Murphy is settling into the role of village asshole, and Raven has tumbled to the idea that the other Ark stations are being blocked by radio signals sent from Mount Weather. I remember vaguely that they picked up a strange signal last season in the drop-ship, and Raven posits that the Mountain Men used it to crash the Exodus ship on purpose. I suppose this is the writers' attempt to tie up a loose end, but this makes no sense – the Mountain Men should have welcomed newcomers to Earth considering they would widen the gene pool and present the possibility for more radiation treatments.

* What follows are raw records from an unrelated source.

(* Let $X=\mathbb A^2$ with coordinates $x,y$, let $n,m$ be positive integers, $0<\lambda\leq1$, and $B=\lambda\cdot(x^m+y^n=0)$, and assume $(X,B)$ is lc. Then $$\mathrm{mld}(X\ni0,B)=\inf\{p_1+p_2-\min\{\lambda mp_1,\lambda np_2\}\mid (p_1,p_2)\in\mathbb N^2\}.$$
   Context: $\mathbb N$ is the set of positive integers. For a prime divisor $E$ over $X$ (on $Y$ with birational $g:Y\to X$, $K_Y+B_Y=g^*(K_X+B)$), $a(E,X,B)=1-\mathrm{mult}_EB_Y$; $\mathrm{mld}(X\ni0,B)=\inf a(E,X,B)$ over prime divisors $E$ over $X$ with center the origin $0$. $(X,B)$ lc means $a(E,X,B)\geq0$ for all prime divisors $E$ over $X$. *)

From HB Require Import structures.
From mathcomp Require Import all_boot all_order all_algebra.
From mathcomp Require Import classical_sets boolp reals ereal.
Set Implicit Arguments. Unset Strict Implicit. Unset Printing Implicit Defensive.
Import Order.TTheory GRing.Theory Num.Theory.
Local Open Scope ring_scope.
Local Open Scope classical_set_scope.

(* Polynomials in two variables over F: {poly {poly F}}.
   The INNER variable is the first coordinate ("x", or "s" in a chart),
   the OUTER variable is the second coordinate ("y", or "t" in a chart). *)
Section Defs.
Variable F : fieldType.
Definition poly2 := {poly {poly F}}.
Definition xv : poly2 := ('X : {poly F})%:P.
Definition yv : poly2 := 'X.
Definition cst (c : F) : poly2 := c%:P%:P.

Definition eval2 (p P Q : poly2) : poly2 :=
  \sum_(i < size p) (\sum_(j < size p`_i) cst (p`_i)`_j * P ^+ j) * Q ^+ i.

Definition pmap := (poly2 * poly2)%type.
Definition comp_pmap (psi : pmap) (P Q : poly2) : pmap :=
  (eval2 psi.1 P Q, eval2 psi.2 P Q).

Definition start (p : F * F) : pmap := (cst p.1 + xv, cst p.2 + yv).

(* psi : local coordinates (a,b) centred at the current centre P.
   Blowing up P gives the exceptional curve E_P ~ P^1; its points are
   Some c  (the point (0,c) of the chart a = a', b = a' b') and
   None    (the remaining point, origin of the chart a = a' b', b = b').
   [step psi o] gives local coordinates centred at that point of E_P. *)
Definition step (psi : pmap) (o : option F) : pmap :=
  match o with
  | Some c => comp_pmap psi xv (xv * (cst c + yv))
  | None => comp_pmap psi (xv * yv) yv
  end.
Lemma large_digit_near_zero x i M : 0 <= x < 1 ->
  2 ^ M <= IZR (beta (S i) x) -> near_zero M (Nat.iter i tauB x).
Proof.
  intros Hx Hb. unfold beta, chi in Hb. replace (S i - 1)%nat with i in Hb by lia.
  pose proof (iter_tauB_range i x Hx). set (z := Nat.iter i tauB x) in *.
  pose proof (pow2_pos M).
  destruct (Req_dec z 0) as [E|E].
  - rewrite E, Rinv_0, (Int_part_eq 0 0) in Hb by (simpl; lra). simpl in Hb. lra.
  - assert (Hz : 0 < z) by lra. split; [exact Hz|].
    destruct (base_Int_part (/ z)) as [Hl _].
    unfold dyad. rewrite <- (Rinv_inv z).
    apply Rinv_le_contravar; [exact (pow2_pos M)|lra].
Qed.

(* Dyadic blocks: s indexes J in [4^s, 4^(s+1))
   and J indexes n in [2^J, 2^(J+1)).  Then log n >= J log 2 >= 2^(2s-1), so
   (log n)^(3/4) >= 2^(gain s) with gain s ~ 3s/2, and t_n >= 2^(J + gain s). *)

Definition gain (s : nat) : nat := (s + s / 2 - 1)%nat.

Lemma gain_bounds s : (4 * gain s <= 3 * (2 * s - 1))%nat /\ (3 * s <= 2 * gain s + 3)%nat.
Proof.
  unfold gain. pose proof (Nat.div_mod s 2 ltac:(lia)).
  pose proof (Nat.mod_upper_bound s 2 ltac:(lia)). lia.
Qed.
Lemma mem_candidates n s :
  (s \in candidates n) = (size s <= n) && all (fun a => 0 < a <= n) s.
Proof.
apply/flattenP/idP => [[l /mapP [k k_iota ->]] | /andP [le_sn s_bound]].
  by rewrite mem_seqs_len mem_iota in k_iota * => /andP [/eqP -> ->]; rewrite andbT; lia.
exists (seqs_len n (size s)); last by rewrite mem_seqs_len eqxx.
by apply/mapP; exists (size s); rewrite // mem_iota; lia.
Qed.

Lemma flatten_uniq (T U : eqType) (F : T -> seq U) (key : U -> T) (s : seq T) :
  uniq s -> (forall x, uniq (F x)) -> (forall x y, y \in F x -> key y = x) ->
  uniq (flatten (map F s)).
Proof.
move=> s_uniq F_uniq keyF; elim: s s_uniq => [|x s IH] //= /andP [x_s s_uniq].
rewrite cat_uniq F_uniq IH // andbT; apply/hasP => [[y /flattenP [_ /mapP [x' x's ->]] yFx' yFx]].
by move: x_s; rewrite -(keyF _ _ yFx) (keyF _ _ yFx') x's.
Qed.

Lemma uniq_candidates n : uniq (candidates n).
Proof.
apply: (flatten_uniq (key := size)); [exact: iota_uniq | exact: uniq_seqs_len |].
by move=> k t; rewrite mem_seqs_len => /andP [/eqP].
Qed.

Lemma mem_partitions n s : (s \in partitions n) = is_partition n s.
Proof.
rewrite mem_filter mem_candidates andb_idr // => /and3P [_ s_pos /eqP <-].
rewrite size_le_sumn //=; apply/allP => a a_s; move/allP/(_ a a_s): s_pos => -> /=.
by rewrite sumnE (big_rem a a_s) leq_addr.
Qed.

Lemma uniq_partitions n : uniq (partitions n).
Proof. exact/filter_uniq/uniq_candidates. Qed.

Lemma eq_size_bij_in (T U : eqType) (A : seq T) (B : seq U) (f : T -> U) (h : U -> T) :
  uniq A -> uniq B -> {in A, forall x, f x \in B} -> {in B, forall y, h y \in A} ->
  {in A, cancel f h} -> {in B, cancel h f} -> size A = size B.
Proof.
move=> A_uniq B_uniq fAB hBA fK hK; rewrite -(size_map f); apply/perm_size/uniq_perm => //.
  by rewrite map_inj_in_uniq // => x y x_A y_A /(congr1 h); rewrite !fK.
move=> y; apply/mapP/idP => [[x x_A ->] | y_B]; first exact: fAB.
by exists (h y); rewrite ?hK ?hBA.
Qed.

Lemma pk_head_leq N k : pk N k = count (fun s => head 0 s <= k) (partitions N).
Proof.
rewrite /pk -!size_filter; apply: (eq_size_bij_in (f := conjugate) (h := conjugate)).
all: try exact/filter_uniq/uniq_partitions.
all: move=> s; rewrite !(mem_filter _ _ (partitions N)) !mem_partitions.
all: move=> /andP [le_k s_part]; have /and3P [s_sorted s_pos _] := s_part.
- by rewrite head_conjugate // le_k is_partition_conjugate.
- by rewrite size_conjugate_leq // le_k is_partition_conjugate.
- exact: conjugateK.
- exact: conjugateK.
Qed.

Lemma eq_from_adjacent_sums (G H : nat -> nat) B :
  (forall i, G i + G i.+1 = H i + H i.+1) ->
  (forall i, B <= i -> G i = 0) -> (forall i, B <= i -> H i = 0) -> G =1 H.
Proof.
move=> eq_sums G0 H0.
suff eq_above k i : B - i <= k -> G i = H i by move=> i; apply: (eq_above (B - i)).
elim: k i => [|k IH] i le_k; first by rewrite G0 ?H0 //; lia.
by have := IH i.+1 ltac:(lia); have := eq_sums i; lia.
Qed.

Fixpoint altsum (s : seq nat) : nat := if s is x :: t then x - altsum t else 0.

Definition alt_tail (s : seq nat) (i : nat) : nat := altsum (drop i s).

Lemma alt_tail_vanishing (s : seq nat) i : size s <= i -> alt_tail s i = 0.
Proof. by move=> le_si; rewrite /alt_tail drop_oversize. Qed.

Lemma alt_tail_adjacent (s : seq nat) i : sorted geq s ->
  alt_tail s i + alt_tail s i.+1 = nth 0 s i.
Proof.
move=> s_sorted; case: (ltnP i (size s)) => [lt_is | le_si]; last first.
  by rewrite !alt_tail_vanishing ?nth_default // (leq_trans le_si).
rewrite /alt_tail (drop_nth 0 lt_is) /= subnK //.
have altsum_le u : altsum u <= head 0 u by case: u => //= x t; apply: leq_subr.
apply: leq_trans (altsum_le _) _; rewrite -nth0 nth_drop addn0.
exact: sorted_nonincreasing.
Qed.

Lemma alt_tail_nonincreasing2 (s : seq nat) i : sorted geq s ->
  alt_tail s i.+2 <= alt_tail s i.
Proof.
move=> s_sorted; have := alt_tail_adjacent i s_sorted.
have := alt_tail_adjacent i.+1 s_sorted; have := sorted_nonincreasing s_sorted i; lia.
Qed.

Lemma sumn_alt_tail (l : seq nat) N : sorted geq l -> size l <= N ->
  sumn l = alt_tail l 0 + 2 * \sum_(0 <= i < N) alt_tail l i.+1.
Proof.
move=> l_sorted le_lN; rewrite (sumn_nth le_lN) -sum_nat_adjacent ?alt_tail_vanishing //.
by apply: eq_bigr => i _; rewrite alt_tail_adjacent.
Qed.

Lemma evsum_alt_tail (l : seq nat) N : sorted geq l -> size l <= N ->
  evsum l = \sum_(0 <= i < N) alt_tail l i.+1.
Proof.
move=> l_sorted le_lN; have le_N_N2 : N <= N.*2 by rewrite -addnn leq_addr.
rewrite (evsum_nth (leq_trans le_lN le_N_N2)).
rewrite -(sum_nat_vanishing (F := fun i => alt_tail l i.+1) le_N_N2) => [|i le_Ni].
  by rewrite sum_nat_double; apply: eq_bigr => t _; rewrite alt_tail_adjacent.
by apply: alt_tail_vanishing; lia.
Qed.

(* The sequence c, a_0, b_0, a_1, b_1, ... padded with zeros. *)
Definition interleave (c : nat) (a b : seq nat) (i : nat) : nat :=
  if i is i'.+1 then nth 0 (if odd i' then b else a) i'./2 else c.

Lemma interleave_odd c a b t : interleave c a b t.*2.+1 = nth 0 a t.
Proof. by rewrite /= odd_double doubleK. Qed.

Lemma interleave_even c a b t : interleave c a b t.*2.+2 = nth 0 b t.
Proof. by rewrite /= odd_double uphalf_double. Qed.

Lemma interleave_unique c a b (H : nat -> nat) : H 0 = c ->
  (forall t, H t.*2.+1 = nth 0 a t) -> (forall t, H t.*2.+2 = nth 0 b t) ->
  interleave c a b =1 H.
Proof.
move=> H0 H_odd H_even [|i] //=; rewrite -[in RHS](odd_double_half i).
by case: (odd i); rewrite ?add1n ?add0n ?H_odd ?H_even.
Qed.

Lemma interleave_nonincreasing2 c (a b : seq nat) : sorted geq a -> sorted geq b ->
  head 0 b <= c -> forall i, interleave c a b i.+2 <= interleave c a b i.
Proof.
move=> a_sorted b_sorted le_bc [|i] /=; first by rewrite nth0.
by rewrite negbK; case: (odd i); apply: sorted_nonincreasing.
Qed.

Lemma interleave_vanishing c (a b : seq nat) K : size a <= K -> size b <= K ->
  forall i, K.*2.+1 <= i -> interleave c a b i = 0.
Proof.
move=> le_aK le_bK [|i] //=; rewrite ltnS -{1}(odd_double_half i) => le_i.
by rewrite nth_default //; case: (odd i) le_i; rewrite ?le_aK ?le_bK //=; lia.
Qed.

Definition split_partition (n : nat) (l : seq nat) : seq nat * seq nat :=
  (partition_of (fun t => alt_tail l t.*2.+1) n, partition_of (fun t => alt_tail l t.*2.+2) n).

Definition merge_partitions (n c : nat) (ab : seq nat * seq nat) : seq nat :=
  partition_of (fun i => interleave c ab.1 ab.2 i + interleave c ab.1 ab.2 i.+1) n.+1.

Definition evsum_partition (n j : nat) (l : seq nat) : bool :=
  is_partition n l && (evsum l == j).

Definition bounded_pair (j c : nat) (ab : seq nat * seq nat) : bool :=
  [&& is_partition (sumn ab.1) ab.1, is_partition (sumn ab.2) ab.2,
      sumn ab.1 + sumn ab.2 == j & head 0 ab.2 <= c].

Lemma nth_split_partition n (l : seq nat) : sorted geq l -> size l <= n.+1 ->
  nth 0 (split_partition n l).1 =1 (fun t => alt_tail l t.*2.+1) /\
  nth 0 (split_partition n l).2 =1 (fun t => alt_tail l t.*2.+2).
Proof.
move=> l_sorted le_ln; split; apply: nth_partition_of => i.
- by rewrite doubleS alt_tail_nonincreasing2.
- by move=> le_ni; apply: alt_tail_vanishing; rewrite -addnn; lia.
- by rewrite doubleS alt_tail_nonincreasing2.
- by move=> le_ni; apply: alt_tail_vanishing; rewrite -addnn; lia.
Qed.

In any case, they decide to head toward Mount Weather for a reconnaissance mission, and Abbie has decided to deal with the problem of her daughter by never leaving her side. All things considered, it's the best plan they've got.
Once they're in eyeshot of the mountain's radio tower the acid fog appears – hey, haven't seen that in a while. Luckily flimsy plastic tents are more than enough to repel the noxious gas, and Raven manages to tap into Mount Weather's radio signals, leading to the first interesting (and realistic) moral choice of these three episodes: to blow up the radio tower and perhaps get reinforcements from the other Ark survivors, or keep the tower intact on the off-chance that they'll learn something useful.
Meanwhile Clarke and Finn take refuge in the bomb shelter where they first had sex/the body of the man Finn shot is still decomposing (I'll let you decide which one is more ew-worthy) and Bellamy and Octavia explore an underground garage set to the weirdest soundtrack choice imaginable. It sounds like a tinny Christmas carol music box is playing, and it's so loud and invasive that I assumed it was an actual noise that the characters were hearing.
The Red Shirts are quickly despatched by Reapers (honestly, I go to type "Reavers" every single time) and the Blake siblings find Lincoln cannibalizing their corpses. Another ew for the road as they knock him out and (somehow) cart him away.
Which leaves us with the show's final moments, in which Clarke and Abbie are reunited, only for a bruised and bloody Thelonious to stumble out of the blue and tell them the Grounders are giving them two days to leave.
Miscellaneous Observations:
The desert people mention something called "The City of Light." Is that the fallen Ark (which looked very lit up when Anya and Clarke saw it) or something else entirely?
When a Grounder dies they say: "My fight is over," which is a nice bit of cultural world-building.
Clarke/Raven's reunion – aww. All things considering they've been through a lot together and I'm glad each one treated their reunion as a good thing.
I realize this is about the time when the Bellamy/Clarke shipping began in earnest, but regarding the hug: isn't she just relieved to see him because she thought he was responsible for his death? But hey, shipping runs on this type of fuel. The more debatable a character's actions/motivations are, the more intense the subsequent shipping will be.
I think the creator is on record for saying this is a future in which sexism, racism and homophobia don't exist, in which case it's interesting that Cage calls Lincoln "a thoroughbred." There are all sorts of nasty implications to that.
So how DID Clarke's watch and other clothes and possessions get to the Grounder camp? To say they're "scavengers" only takes us so far, as (presumably) Clarke was wearing that watch as she was taken by the Mountain Men.
Hang on, shouldn’t the Grounders know where the Reapers come from? Don't they ever recognize one of their former-friends among the attackers?
I enjoyed this exchange between Jaha and Kane: "You didn't order a massacre."/"Not this one." Poor Kane is desperate for atonement – any atonement, though I've no idea why he went to slash his wrists instead of his throat.